In early 2014, North Carolina appraiser Michael J. McSwain filed a lawsuit against Yadkin Valley Bank and the appraisal management company (AMC) StreetLinks Lender Solutions, alleging that he was retaliated against for failing to reach targeted values. (See Smoking Gun Allows Appraiser to Sue Over Blacklisting)

According to the suit, McSwain performed two appraisals for StreetLinks in late 2012, on behalf of Yadkin Valley Bank, both of which failed to “meet value.” The suit cites explicit emails from the branch manager at Yadkin which state:

“StreetLinks has sent out a BUTCHER on two of my last refis [sic] … make sure he is not sent out in our county and make sure he is not on the approval list…I thought I would let him do these two just to see. NOW THE DEALS ARE DEAD.”

Yadkin then demanded that StreetLinks remove McSwain from the bank’s Approved Appraiser List and according to new discovery documents that have been made public, McSwain was placed on Yadkin’s Exclusionary List in early 2013. McSwain then filed a lawsuit in February 2014 alleging that both Yadkin and StreetLinks engaged in unfair and deceptive business practices and were engaged in a civil conspiracy to encourage targeted appraisals.

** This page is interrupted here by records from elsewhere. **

Lemma char_poly_prod_eigenvalue (F : fieldType) n (M : 'M[F]_n) (s : 'I_n -> F) j :
  char_poly M = \prod_(i < n) ('X - (s i)%:P) -> eigenvalue M (s j).
Proof.
move=> hM; rewrite eigenvalue_root_char hM /root horner_prod (bigD1 j) //=.
by rewrite hornerXsubC subrr mul0r.
Qed.

Lemma char_poly_prod_trace (K : comNzRingType) n (M : 'M[K]_n) (s : 'I_n -> K) :
  (0 < n)%N -> char_poly M = \prod_(i < n) ('X - (s i)%:P) -> \tr M = \sum_(i < n) s i.
Proof.
move=> n0 hM; apply: oppr_inj; rewrite -char_poly_trace // hM.
rewrite -(big_map s xpredT (fun x => 'X - x%:P)) -(big_map s xpredT id).
have sz : size [seq s i | i <- index_enum 'I_n] = n.
  by rewrite size_map /index_enum -enumT size_enum_ord.
by rewrite -[in n.-1]sz coefPn_prod_XsubC // sz -lt0n.
Qed.

Section Gram.
Variable R : realFieldType.

Lemma mulmx_trmx_row m (v : 'rV[R]_m) : (v *m v^T) 0 0 = \sum_(i < m) v 0 i ^+ 2.
Proof. by rewrite mxE; apply: eq_bigr => i _; rewrite mxE expr2. Qed.

Lemma mulmx_trmx_row_gt0 m (v : 'rV[R]_m) : v != 0 -> 0 < (v *m v^T) 0 0.
Proof.
move=> v0; rewrite mulmx_trmx_row lt_def sumr_ge0 ?andbT => [|i _]; last exact: sqr_ge0.
apply: contra v0; rewrite psumr_eq0 => [/allP v0|i _]; last exact: sqr_ge0.
apply/eqP/rowP => i; rewrite mxE.
by move: (v0 i (mem_index_enum i)); rewrite sqrf_eq0 => /eqP.
Qed.

Lemma eigenvalue_gram_ge0 n d (A : 'M[R]_(n, d)) a : eigenvalue (A *m A^T) a -> 0 <= a.
Proof.
case/eigenvalueP => v hv v0.
have e : ((v *m A) *m (v *m A)^T) 0 0 = a * (v *m v^T) 0 0.
  by rewrite trmx_mul mulmxA -(mulmxA v A) hv -scalemxAl mxE.
rewrite -(pmulr_lge0 a (mulmx_trmx_row_gt0 v0)) -e mulmx_trmx_row.
by apply: sumr_ge0 => i _; exact: sqr_ge0.
Qed.
End Gram.

Section PolynomialTimesGeometric.
Variable R : realType.
Implicit Types x y : R.

Lemma natr_mul_expr_le y n : 0 <= y < 1 -> n%:R * y ^+ n <= (1 - y)^-1.
Proof.
move=> /andP[y0 y1]; rewrite -div1r ler_pdivlMr ?subr_gt0 //.
have geo : (\sum_(k < n) y ^+ k) * (1 - y) = 1 - y ^+ n.
  by rewrite mulrC -[1 - y]opprB mulNr -subrX1 opprB.
have : n%:R * y ^+ n <= \sum_(k < n) y ^+ k.
  rewrite -[n in n%:R]card_ord -sumr_const mulr_suml.
  apply: ler_sum => k _; rewrite mul1r.
  exact: (ler_wiXn2l y0 (ltW y1) (ltnW (ltn_ord k))).
have : 0 <= y ^+ n by rewrite exprn_ge0.
have : 0 <= 1 - y by rewrite subr_ge0 ltW.
nra.
Qed.

Lemma cvg_natr_mul_expr x : 0 <= x < 1 -> (fun n => n%:R * x ^+ n) @ \oo --> 0.
Proof.
move=> /andP[x0 x1]; set y := Num.sqrt x.
have y0 : 0 <= y by rewrite sqrtr_ge0.
have yx : y ^+ 2 = x by rewrite sqr_sqrtr.
have y1 : y < 1 by nra.
apply: (@squeeze_cvgr _ _ _ _ (fun=> 0) (geometric (1 - y)^-1 y)).
- near=> n; rewrite mulr_ge0 ?exprn_ge0 //= /geometric.
  rewrite -yx -exprM mulnC exprM expr2 mulrA ler_wpM2r ?exprn_ge0 //.
  by apply: natr_mul_expr_le; rewrite y0.
- exact: cvg_cst.
- by apply: cvg_geometric; rewrite ger0_norm.
Unshelve. all: by end_near.
Qed.

Lemma cvg_sqr_natr_mul_expr x : 0 <= x < 1 -> (fun n => n%:R ^+ 2 * x ^+ n) @ \oo --> 0.
Proof.
move=> /andP[x0 x1]; set y := Num.sqrt x.
have y01 : 0 <= y < 1 by rewrite sqrtr_ge0 /= -sqrtr1 ltr_sqrt ?ltr01.
have -> : (fun n => n%:R ^+ 2 * x ^+ n) = (fun n => (n%:R * y ^+ n) * (n%:R * y ^+ n)).
  by apply/funext => n; rewrite -[x]sqr_sqrtr // -exprM mulnC exprM; ring.
by rewrite -(mulr0 0); apply: cvgM; exact: cvg_natr_mul_expr.
Qed.

Lemma sum_sqr_succ_mul_expr x n :
  (1 - x) ^+ 3 * \sum_(t < n) (t.+1)%:R ^+ 2 * x ^+ t =
  1 + x - ((1 - x) ^+ 2 * (n%:R ^+ 2 * x ^+ n) + 2 * (1 - x) * (n%:R * x ^+ n)
           + (1 + x) * x ^+ n).
Proof.
elim: n => [|n IH]; first by rewrite big_ord0 !expr0; ring.
by rewrite big_ord_recr mulrDr IH -!natr1 !exprS; ring.
Qed.

Lemma cvg_series_sqr_succ_mul_expr x : 0 <= x < 1 ->
  series (fun t => (t.+1)%:R ^+ 2 * x ^+ t) @ \oo --> (1 + x) / (1 - x) ^+ 3.
Proof.
move=> x01; have /andP[x0 x1] := x01.
have x3 : (1 - x) ^+ 3 != 0 by rewrite expf_neq0 // subr_eq0 gt_eqF.
have -> : series (fun t => (t.+1)%:R ^+ 2 * x ^+ t) = (fun n =>
    (1 + x - ((1 - x) ^+ 2 * (n%:R ^+ 2 * x ^+ n) + 2 * (1 - x) * (n%:R * x ^+ n)
              + (1 + x) * x ^+ n)) / (1 - x) ^+ 3).
  apply/funext => n; rewrite seriesEord /= -sum_sqr_succ_mul_expr.
  by rewrite mulrC mulKf.
apply: cvgMr_tmp; rewrite -[X in _ --> X]subr0; apply: cvgB; first exact: cvg_cst.
suff : (fun n => (1 - x) ^+ 2 * (n%:R ^+ 2 * x ^+ n) + 2 * (1 - x) * (n%:R * x ^+ n)
                 + (1 + x) * x ^+ n) @ \oo -->
       (1 - x) ^+ 2 * 0 + 2 * (1 - x) * 0 + (1 + x) * 0.
  by rewrite !mulr0 !addr0.
apply: cvgD; first apply: cvgD; apply: cvgMl_tmp.
- exact: cvg_sqr_natr_mul_expr.
- exact: cvg_natr_mul_expr.
- by apply: cvg_expr; rewrite ger0_norm.
Qed.
End PolynomialTimesGeometric.

Section ComplexGeometric.
Variable R : realType.
Implicit Types k x : R[i].

Lemma normr_Re_le_normc x : `|complex.Re x| <= normc x.
Proof. by case: x => a b; rewrite -sqrtr_sqr ler_wsqrtr // lerDl sqr_ge0. Qed.

Lemma normcX x n : normc (x ^+ n) = normc x ^+ n.
Proof. by elim: n => [|n IH]; rewrite ?normc1 // !exprS normcM IH. Qed.

Lemma cvg_Re_mul_expr k x : normc x < 1 -> (fun n => complex.Re (k * x ^+ n)) @ \oo --> 0.
Proof.
move=> x1; apply/norm_cvg0P.
apply: (@squeeze_cvgr _ _ _ _ (fun=> 0) (geometric (normc k) (normc x))).
- near=> n; rewrite normr_ge0 /= /geometric -normcX -normcM.
  exact: normr_Re_le_normc.
- exact: cvg_cst.
- by apply: cvg_geometric; rewrite ger0_norm // (le_trans _ (normr_Re_le_normc x)).
Unshelve. all: by end_near.
Qed.

Lemma cvg_Re_geometric_series k x : normc x < 1 ->
  series (fun t => complex.Re (k * x ^+ t.+1)) @ \oo --> complex.Re (k * x / (1 - x)).
Proof.
move=> x1.
have x1' : x != 1 by apply: contraTneq x1 => ->; rewrite normc1 ltxx.
have -> : series (fun t => complex.Re (k * x ^+ t.+1)) =
    (fun n => complex.Re (k * x / (1 - x)) - complex.Re (k * x / (1 - x) * x ^+ n)).
  apply/funext => n; rewrite -raddfB seriesEord /=.
  rewrite -(raddf_sum (@complex.Re R : Rcomplex R -> R)) /=; congr complex.Re.
  have := congr1 (fun u => u n) (geometric_seriesE (k * x) x1').
  rewrite seriesEord /geometric /= => geo.
  under eq_bigr do rewrite exprS mulrA.
  rewrite geo; field; by rewrite subr_eq0 eq_sym.
rewrite -[X in _ --> X]subr0; apply: cvgB; [exact: cvg_cst | exact: cvg_Re_mul_expr].
Qed.
End ComplexGeometric.

Lemma normc_lt1_quadratic_root (R : realType) (a c : R) (l : R[i]) :
  0 <= c < 1 -> `|a| < 1 + c -> l ^+ 2 - a%:C * l + c%:C = 0 -> normc l < 1.
Proof.
move=> /andP[c0 c1]; rewrite ltr_norml => /andP[ha1 ha2].
case: l => u v /eqP; rewrite eq_complex /= !expr2 /= => /andP[/eqP hre /eqP him].
rewrite -sqrtr1 ltr_sqrt ?ltr01 //.
have [v0|v0] := eqVneq v 0.
  rewrite v0 in hre *.
  have u1 : u < 1.
    rewrite ltNge; apply/negP => u1.
    have : 0 <= (u - 1) * (u + 1 - a) by rewrite mulr_ge0 // subr_ge0 //; lra.
    lra.
  have u1' : -1 < u.
    rewrite ltNge; apply/negP => u1'.
    have : 0 <= (- 1 - u) * (1 - u + a) by rewrite mulr_ge0 //; lra.
    lra.
  nra.
have hu : 2 * u = a.
  have : v * (2 * u - a) = 0 by rewrite -him; ring.
  by move/eqP; rewrite mulf_eq0 (negbTE v0) subr_eq0 => /eqP.
nra.
Qed.

Section QuadraticRoots.
Variables (R : realType) (a c : R) (w : R[i]).
Hypothesis hw : w ^+ 2 = (a ^+ 2 - 4 * c)%:C.

Let lp := (a%:C + w) / 2%:R.
Let lm := (a%:C - w) / 2%:R.

Let quadratic_coef0E : c%:C = (a%:C ^+ 2 - w ^+ 2) / 4%:R.
Proof. by rewrite hw !(rmorphB, rmorphM, rmorphXn, rmorph_nat); field. Qed.

Lemma quadratic_root_addr : lp ^+ 2 - a%:C * lp + c%:C = 0.
Proof. by rewrite quadratic_coef0E /lp; field. Qed.

Lemma quadratic_root_subr : lm ^+ 2 - a%:C * lm + c%:C = 0.
Proof. by rewrite quadratic_coef0E /lm; field. Qed.

Lemma quadratic_roots_div1B : 1 - a + c != 0 ->
  lp / (1 - lp) + lm / (1 - lm) = ((a - 2 * c) / (1 - a + c))%:C.
Proof.
move=> h.
have hsum : lp + lm = a%:C by rewrite /lp /lm; field.
have hmul : lp * lm = c%:C by rewrite quadratic_coef0E /lp /lm; field.
have hprod : (1 - a + c)%:C = (1 - lp) * (1 - lm).
  by rewrite rmorphD rmorphB rmorph1 /= -hsum -hmul; ring.
have [hp hm] : 1 - lp != 0 /\ 1 - lm != 0.
  apply/andP; rewrite -negb_or -mulf_eq0 -hprod.
  by rewrite eq_complex /= negb_and h.
rewrite fmorph_div rmorphB rmorphM rmorph_nat /= -hsum -hmul hprod.
by field; rewrite hp hm.
Qed.
End QuadraticRoots.

Section LambdaRoots.
Variables (R : realType) (g z D s2 : R).
Hypotheses (D01 : 0 <= D < 1) (O01 : 0 < Omega g z D s2 < 1 + D).

Let a := - (2 * D) + Omega g z D s2 ^+ 2.

Let lam_disc :
  sqrtc (Omega g z D s2 ^+ 2 * (Omega g z D s2 ^+ 2 - 4 * D))%:C ^+ 2 =
  (a ^+ 2 - 4 * D ^+ 2)%:C.
Proof. by rewrite sqr_sqrtc /a; congr _%:C; ring. Qed.

Let lam_jury : 0 <= D ^+ 2 < 1 /\ `|a| < 1 + D ^+ 2.
Proof.
have /andP[D0 D1] := D01; have /andP[Opos Olt] := O01.
by rewrite sqr_ge0 ltr_norml /a expr2; split; [nra | apply/andP; split; nra].
Qed.

Lemma normc_lam2_lt1 : normc (lam2 g z D s2) < 1.
Proof.
have [hD2 ha] := lam_jury.
exact: normc_lt1_quadratic_root hD2 ha (quadratic_root_addr lam_disc).
Qed.

Lemma normc_lam3_lt1 : normc (lam3 g z D s2) < 1.
Proof.
have [hD2 ha] := lam_jury.
exact: normc_lt1_quadratic_root hD2 ha (quadratic_root_subr lam_disc).
Qed.

Lemma lam_div1B_sum :
  lam2 g z D s2 / (1 - lam2 g z D s2) + lam3 g z D s2 / (1 - lam3 g z D s2) =
  ((a - 2 * D ^+ 2) / (1 - a + D ^+ 2))%:C.
Proof.
apply: (quadratic_roots_div1B lam_disc).
by have /andP[Opos Olt] := O01; apply/lt0r_neq0; rewrite /a; nra.
Qed.
End LambdaRoots.

Section H2Series.
Variable R : realType.

(* At s2 = 0 the denominator vanishes, and x / 0 = 0 gives the right sum 0. *)
Definition H2term_sum (gamma zeta Delta s2 : R) : R :=
  s2 ^+ 2 * (1 + Delta) /
  ((1 - Delta) * ((1 + Delta) ^+ 2 - Omega gamma zeta Delta s2 ^+ 2)).
(* Let $(k_n)$ be a sequence of positive integers with $k_n\ll n$ (i.e. $k_n/n\to0$). Let $G_n$ be the Erdős–Rényi random graph on $\mathcal C^0_n$ with any edge probability $p_n\in(0,1)$, $R_n$ its associated reaction network, and let $A_n$ be the event that every reaction vector $y'-y$ of $R_n$ has exactly $4$ non-zero components. Then for all sufficiently large $n$, \[ \mathbb P(A_n\mid R_n\text{ is }k_n\text{-paired})\ge 1-\frac{21k_n}{n}. \]
   Context: Let $e_i$ be the $i$-th standard basis vector of $\mathbb Z^n$ and $\mathcal C^0_n=\{0\}\cup\{e_i:1\le i\le n\}\cup\{e_i+e_j:1\le i\le j\le n\}$, so $N_n=|\mathcal C^0_n|=\frac{n^2+3n+2}{2}$. $G_n$ is the Erdős–Rényi random graph on vertex set $\mathcal C^0_n$ in which each of the $\binom{N_n}{2}$ possible undirected edges is present independently with probability $p_n$. The associated reaction network $R_n$ has species $S_1,\dots,S_n$, complex set equal to the set of vertices of $G_n$ of positive degree, and for each edge $\{y,y'\}$ of $G_n$ the two reactions $y\to y'$ and $y'\to y$. A reaction network is paired if each connected component of its graph contains exactly two complexes, and $i$-paired if it is paired with exactly $i$ connected components; thus $R_n$ is $k$-paired exactly when $G_n$ is a matching with $k$ edges (plus isolated vertices). Conditioned on $R_n$ being $k_n$-paired, $G_n$ is uniformly distributed over all such matchings. *)

From HB Require Import structures.
From mathcomp Require Import all_boot all_order all_algebra.
Set Implicit Arguments. Unset Strict Implicit. Unset Printing Implicit Defensive.
Import Order.TTheory GRing.Theory Num.Theory.

(* Candidate complexes: vectors in {0,1,2}^n, viewed as elements of Z^n
   (entries of every element of C^0_n lie in {0,1,2}). *)
Notation vert n := {ffun 'I_n -> 'I_3}.

Definition isC0 n (v : vert n) : bool :=
  [|| [forall l, (v l : nat) == 0%N],
      [exists i : 'I_n, [forall l, (v l : nat) == (l == i) :> nat]]
    | [exists i : 'I_n, [exists j : 'I_n,
         (i <= j)%N && [forall l, (v l : nat) == ((l == i) + (l == j))%N]]]].

Definition C0 n : {set vert n} := [set v | isC0 v].

Definition pairs n : {set {set vert n}} :=
  [set e : {set vert n} | (e \subset C0 n) && (#|e| == 2%N)].

(* A graph on C^0_n is an edge set E \subset pairs n. *)
Definition adj n (E : {set {set vert n}}) : rel (vert n) :=
  fun x y => [set x; y] \in E.

(* complexes of the associated reaction network: vertices of positive degree *)
Definition complexes n (E : {set {set vert n}}) : {set vert n} :=
  [set x | [exists y, adj E x y]].

Definition comp n (E : {set {set vert n}}) (x : vert n) : {set vert n} :=
  [set y | connect (adj E) x y].

Definition components n (E : {set {set vert n}}) : {set {set vert n}} :=
  [set comp E x | x in complexes E].

Definition paired n (E : {set {set vert n}}) : bool :=
  [forall C in components E, #|C| == 2%N].

Definition ipaired n (i : nat) (E : {set {set vert n}}) : bool :=
  paired E && (#|components E| == i).

Definition eventA n (E : {set {set vert n}}) : bool :=
  [forall e in E, forall y in e, forall y' in e,
     (y != y') ==> (#|[set i | y i != y' i]| == 4%N)].

Local Open Scope ring_scope.

Definition erw (R : realFieldType) n (p : R) (E : {set {set vert n}}) : R :=
  p ^+ #|E| * (1 - p) ^+ (#|pairs n| - #|E|).

Definition ERprob (R : realFieldType) n (p : R) (A : pred {set {set vert n}}) : R :=
  \sum_(E in powerset (pairs n) | A E) erw p E.

Definition ERcond (R : realFieldType) n (p : R)
    (A B : pred {set {set vert n}}) : R :=
  ERprob p (fun E => A E && B E) / ERprob p B.

(* Conditioned on being k-paired, the graph is a uniform random k-matching on C^0_n.
   An edge {e_a + e_b, e_c + e_d} with {a, b} and {c, d} disjoint has a reaction vector
   with four non-zero entries, so every bad edge either has an end among the 2n + 1
   complexes 0, e_i, 2 e_i, or joins e_a + e_b to e_a + e_c: there are
   O(n^3) bad edges among the ~n^4/8 possible ones.  Permutations of C^0_n act
   transitively on edges and preserve k-matchings, so every edge lies in the same
   number of k-matchings; hence a uniform k-matching meets a bad edge with probability
   at most k |bad| / |edges| <= 21 k / n as soon as n >= 20. *)

From Pilot Require Import Defs.
From HB Require Import structures.
From mathcomp Require Import all_boot all_order all_algebra.
From mathcomp Require Import perm zify ring lra.
Import Order.TTheory GRing.Theory Num.Theory.
Set Implicit Arguments. Unset Strict Implicit. Unset Printing Implicit Defensive.

Lemma card2_set2 (T : finType) (e : {set T}) x :
  #|e| = 2 -> x \in e -> exists2 y, y != x & e = [set x; y].
Proof.
move=> /eqP /cards2P [a [b [ab ->]]] /set2P [->|->].
  by exists b; rewrite // eq_sym.
by exists a; rewrite // setUC.
Qed.

Lemma sum_card_setI (T : finType) (M : {set {set T}}) (S : {set T}) :
  \sum_(E in M) #|E :&: S| = \sum_(e in S) #|[set E in M | e \in E]|.
Proof.
have cardI E : #|E :&: S| = \sum_(e in S) (e \in E : nat).
  rewrite -sum1_card big_mkcond [RHS]big_mkcond; apply: eq_bigr => e _.
  by rewrite inE andbC; case: (e \in S); case: (e \in E).
under eq_bigr do rewrite cardI.
rewrite exchange_big; apply: eq_bigr => e _.
rewrite -sum1_card [RHS]big_mkcond [LHS]big_mkcond; apply: eq_bigr => E _.
by rewrite inE; case: (E \in M); case: (e \in E).
Qed.

Section Matchings.

Variable T : finType.
Implicit Types (V e : {set T}) (E : {set {set T}}).

Definition edges V := [set e : {set T} | (e \subset V) && (#|e| == 2)].

Definition matching E :=
  [forall e in E, forall e' in E, (e != e') ==> [disjoint e & e']].

Definition kmatchings V k :=
  [set E in powerset (edges V) | matching E && (#|E| == k)].

Definition edge_freq V k e := #|[set E in kmatchings V k | e \in E]|.

Lemma card_edge V e : e \in edges V -> #|e| = 2.
Proof. by rewrite inE => /andP [_ /eqP]. Qed.

Lemma matchingP E e e' x :
  matching E -> e \in E -> e' \in E -> x \in e -> x \in e' -> e = e'.
Proof.
move=> /forall_inP M eE e'E xe xe'; apply/eqP/negPn/negP => ne.
have /forall_inP /(_ e' e'E) /implyP /(_ ne) := M e eE.
by move/disjoint_setI0/setP/(_ x); rewrite !inE xe xe'.
Qed.

Lemma matching_imset (f : T -> T) E : injective f ->
  matching E -> matching [set f @: e | e : {set T} in E].
Proof.
move=> injf M; apply/forall_inP => _ /imsetP [e eE ->].
apply/forall_inP => _ /imsetP [e' e'E ->]; apply/implyP => ne.
have {ne} ne : e != e' by apply: contra ne => /eqP ->.
have /forall_inP /(_ e' e'E) /implyP /(_ ne) := forall_inP M e eE.
by rewrite -!setI_eq0 -imsetI => [/eqP ->|x y _ _ /injf]; rewrite ?imset0.
Qed.

Section Symmetry.

Variables (V : {set T}) (s : {perm T}).
Hypothesis sV : forall x, (s x \in V) = (x \in V).

Lemma edges_perm e : e \in edges V -> s @: e \in edges V.
Proof.
rewrite !inE card_imset; last exact: perm_inj.
case/andP=> /subsetP eV ->; rewrite andbT.
by apply/subsetP => _ /imsetP [x xe ->]; rewrite sV eV.
Qed.

Lemma kmatchings_perm k E : E \in kmatchings V k ->
  [set s @: e | e : {set T} in E] \in kmatchings V k.
Proof.
rewrite !inE card_imset; last exact/imset_inj/perm_inj.
case/and3P=> /subsetP EV M ->; rewrite matching_imset ?andbT //; last exact: perm_inj.
by apply/subsetP => _ /imsetP [e eE ->]; rewrite edges_perm ?EV.
Qed.

Lemma edge_freq_perm k e : edge_freq V k e <= edge_freq V k (s @: e).
Proof.
rewrite /edge_freq -(card_imset _ (imset_inj (imset_inj (@perm_inj _ s)))).
apply/subset_leq_card/subsetP => F /imsetP [E]; rewrite inE => /andP [EM eE] ->.
by rewrite inE kmatchings_perm //=; apply/imsetP; exists e.
Qed.

End Symmetry.

Lemma tperm_stable V a b x : a \in V -> b \in V ->
  (tperm a b x \in V) = (x \in V).
Proof. by move=> aV bV; case: tpermP => // ->; rewrite aV bV. Qed.

(* Two transpositions carry {a, b} onto {c, d}: first a to c, then the image of b to d. *)
Lemma edges_transitive V e e' : e \in edges V -> e' \in edges V ->
  exists2 s : {perm T}, (forall x, (s x \in V) = (x \in V)) & s @: e = e'.
Proof.
rewrite !inE => /andP [/subsetP eV /cards2P [a [b [ab de]]]].
case/andP=> /subsetP e'V /cards2P [c [d [cd de']]].
have [aV bV] : a \in V /\ b \in V by rewrite !eV // de !inE eqxx ?orbT.
have [cV dV] : c \in V /\ d \in V by rewrite !e'V // de' !inE eqxx ?orbT.
pose b' := tperm a c b.
have b'V : b' \in V by rewrite tperm_stable.
exists (tperm a c * tperm b' d)%g => [x|]; first by rewrite permM !tperm_stable.
have cb' : c != b' by rewrite /b' -{1}(tpermL a c) (inj_eq perm_inj).
by rewrite de de' imsetU1 imset_set1 !permM tpermL -/b' tpermL tpermD // eq_sym.
Qed.

Lemma edge_freq_const V k e e' : e \in edges V -> e' \in edges V ->
  edge_freq V k e = edge_freq V k e'.
Proof.
have le_freq f f' : f \in edges V -> f' \in edges V -> edge_freq V k f <= edge_freq V k f'.
  by move=> fV f'V; have [s sV <-] := edges_transitive fV f'V; apply: edge_freq_perm.
by move=> eV e'V; apply/eqP; rewrite eqn_leq !le_freq.
Qed.

Lemma sum_edge_freq V k :
  \sum_(e in edges V) edge_freq V k e = k * #|kmatchings V k|.
Proof.
rewrite -sum_card_setI mulnC -sum_nat_const; apply: eq_bigr => E.
by rewrite !inE => /and3P [/setIidPl -> _ /eqP].
Qed.

Lemma card_kmatchings_meet V k (S : {set {set T}}) : S \subset edges V ->
  #|[set E in kmatchings V k | E :&: S != set0]| * #|edges V|
    <= #|S| * (k * #|kmatchings V k|).
Proof.
move=> /subsetP SV; set M := kmatchings V k.
have meet_le : #|[set E in M | E :&: S != set0]| <= \sum_(E in M) #|E :&: S|.
  rewrite -sum1_card [X in X <= _]big_mkcond [X in _ <= X]big_mkcond /=.
  apply: leq_sum => E _; rewrite inE; case: (E \in M) => //=.
  by case: ifP => // ne0; rewrite card_gt0.
apply: leq_trans (leq_mul meet_le (leqnn _)) _.
rewrite sum_card_setI big_distrl /= -sum_nat_const -sum_edge_freq.
apply: leq_sum => e eS; rewrite mulnC -sum_nat_const.
by apply/eq_leq/eq_bigr => e' e'V; rewrite (edge_freq_const k e'V (SV e eS)).
Qed.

The lawsuit remains ongoing but many of the facts that have come to light during the discovery process will be of interest to appraisers. More than any recent case, McSwain’s suit raises troubling questions regarding appraiser independence: namely, how much has changed since the Dodd-Frank reforms?

Appraiser Panels

At the heart of the issue is whether AMCs should create and maintain their own independent appraiser panels or allow lenders to handpick the appraisers they want used on their loans. In an interview with Working RE, Chuck Mureddu, managing director of AMC Quality Valuation Services (QVS), said that QVS uses its own panel.

“We don’t believe in utilizing a lender’s panel because there’s a risk of diluting the independence part of building a fee panel,”

said Mureddu.  (See Low Fee Solution: Cost Plus Model) While independent appraiser panels are not specifically required under Dodd-Frank, many AMCs insist on them in order to safeguard appraiser independence. In fact, StreetLinks’ own Certificate of Compliance, that is issued with every appraisal and is signed by Steve Haslam, StreetLinks’ President and CEO, states that:

“Appraiser Selection was performed at the sole discretion of StreetLinks by utilizing a selection methodology designed, maintained, and supervised by licensed real estate appraisers and is based on the criteria of proximity to the Subject Property, availability, and historical quality and performance metrics.”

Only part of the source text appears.